I don't like the design but I'm getting it because I planned to upgrade to a XL anyway, because it's a collector's item and because AC is my favorite game.


----------



## Trent the Paladin (Apr 17, 2013)

I'm happy with my Pikachu XL, see no need to upgrade to the Animal Crossing Xl.


----------



## Fire_Fist (Apr 17, 2013)

I voted for the 3rd option. I'm hoping there'll more AC:NL bundles in the future, preferably with different coloured XLs. But then again, I could just buy a skin for it and conceal the pictures and dots on the top... 

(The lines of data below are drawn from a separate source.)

(* Let $A$ be a unital Banach algebra. The following are equivalent: (i) $A$ admits a character (a nonzero multiplicative linear functional $A\to\mathbb{C}$); (ii) there exists a nonzero Banach space that is a left function module over $A$; (iii) every (nonzero) Banach space $X$ admits a left $A$-module action making it a left function module over $A$. Moreover, for any character $\varphi$ of $A$ and any Banach space $X$, the action $a\cdot x=\varphi(a)x$ makes $X$ a left function module over $A$.
   Context: A left Banach $A$-module action satisfies $1\cdot x=x$ and $\|a\cdot x\|\le\|a\|\|x\|$; $X$ is a left function module over $A$ if there exist a compact Hausdorff space $K$, a linear isometry $i\colon X\to C(K)$ and a contractive unital homomorphism $\theta\colon A\to C(K)$ with $i(a\cdot x)=\theta(a)i(x)$ for all $a,x$. *)

From HB Require Import structures.
From mathcomp Require Import all_boot all_order all_algebra.
From mathcomp Require Import all_classical all_reals all_analysis.
From mathcomp Require Import complex.
Import Order.TTheory GRing.Theory Num.Theory.
Import numFieldNormedType.Exports.

Set Implicit Arguments.
Unset Strict Implicit.
Unset Printing Implicit Defensive.

Local Open Scope ring_scope.
Local Open Scope classical_set_scope.

(* The complex numbers over a real field R, seen as a numClosedFieldType
   (so that it carries its canonical normed/topological structure). *)
Definition CC (R : realType) : numClosedFieldType := R[i].

Definition supnorm (R : realType) (K : Type) (f : K -> CC R) : CC R :=
  ((sup [set complex.Re `|f k| | k in [set: K]]) +i* 0)%C.

Definition unital_banach_algebra (R : realType)
    (A : completeNormedModType (CC R)) (mul : A -> A -> A) (one : A) : Prop :=
  [/\ (forall a b c, mul a (mul b c) = mul (mul a b) c),
      (forall a, mul one a = a) /\ (forall a, mul a one = a),
      (forall a b c, mul (a + b) c = mul a c + mul b c) /\
      (forall a b c, mul a (b + c) = mul a b + mul a c),
      (forall (k : CC R) a b, mul (k *: a) b = k *: mul a b) /\
      (forall (k : CC R) a b, mul a (k *: b) = k *: mul a b) &
      (forall a b, `|mul a b| <= `|a| * `|b|) /\
      `|one| = 1].

Definition is_character (R : realType)
    (A : completeNormedModType (CC R)) (mul : A -> A -> A)
    (phi : A -> CC R) : Prop :=
  [/\ (forall a b, phi (a + b) = phi a + phi b),
      (forall (k : CC R) a, phi (k *: a) = k * phi a),
      (forall a b, phi (mul a b) = phi a * phi b) &
      exists a, phi a != 0].

Definition left_banach_action (R : realType)
    (A : completeNormedModType (CC R)) (mul : A -> A -> A) (one : A)
    (X : completeNormedModType (CC R)) (act : A -> X -> X) : Prop :=
  [/\ (forall x, act one x = x),
      (forall a x, `|act a x| <= `|a| * `|x|),
      (forall a b x, act (mul a b) x = act a (act b x)),
      (forall a b x, act (a + b) x = act a x + act b x) /\
      (forall (k : CC R) a x, act (k *: a) x = k *: act a x) &
      (forall a x y, act a (x + y) = act a x + act a y) /\
      (forall (k : CC R) a x, act a (k *: x) = k *: act a x)].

Well, at least those who wanted it to come to the west got the news they wanted.


----------



## Tapa (Apr 17, 2013)

I'm going to try and get it. I've been tempted to switch to an XL already though.


----------



## Zen (Apr 17, 2013)

When do y'all think preorders will be up?


----------



## Mike! (Apr 17, 2013)

I'm hoping to upgrade to an XL this summer, but the Animal Crossing one's design just isn't to my taste. If it was green, with a leaf motif or something, I'd jump at the chance. :-/


----------



## Kabune (Apr 17, 2013)

OMG i can't wait! I was getting worried that this delicious looking thing wouldn't make it to the US. I wanted this thing then, and i can't wait to get it now. I have 2 3DS consoles now, and i don't want to waste money, but then again i really like the XL and have already made up my mind that i want an XL, so i hope they have this in stock on launch day.


----------



## Jemjewel (Apr 17, 2013)

I _really_ like my pink XL but..._limited edition Animal Crossing XL._


----------



## KirbyHugger8D (Apr 17, 2013)

Does gamestop still have that thing where you can trade in your old devise to get money taken off?  I really want this and am willing to trade in my 3ds.  Plus I own 3 different wii's at my mom's so I can give them one of those.  I'M SO EXCITED FOR THIS!


----------



## JKDOS (Apr 17, 2013)

I will not be getting it. The design is childish and a let down. I could comeup with many better designs for a "Animal Crossing" themed 3DS XL.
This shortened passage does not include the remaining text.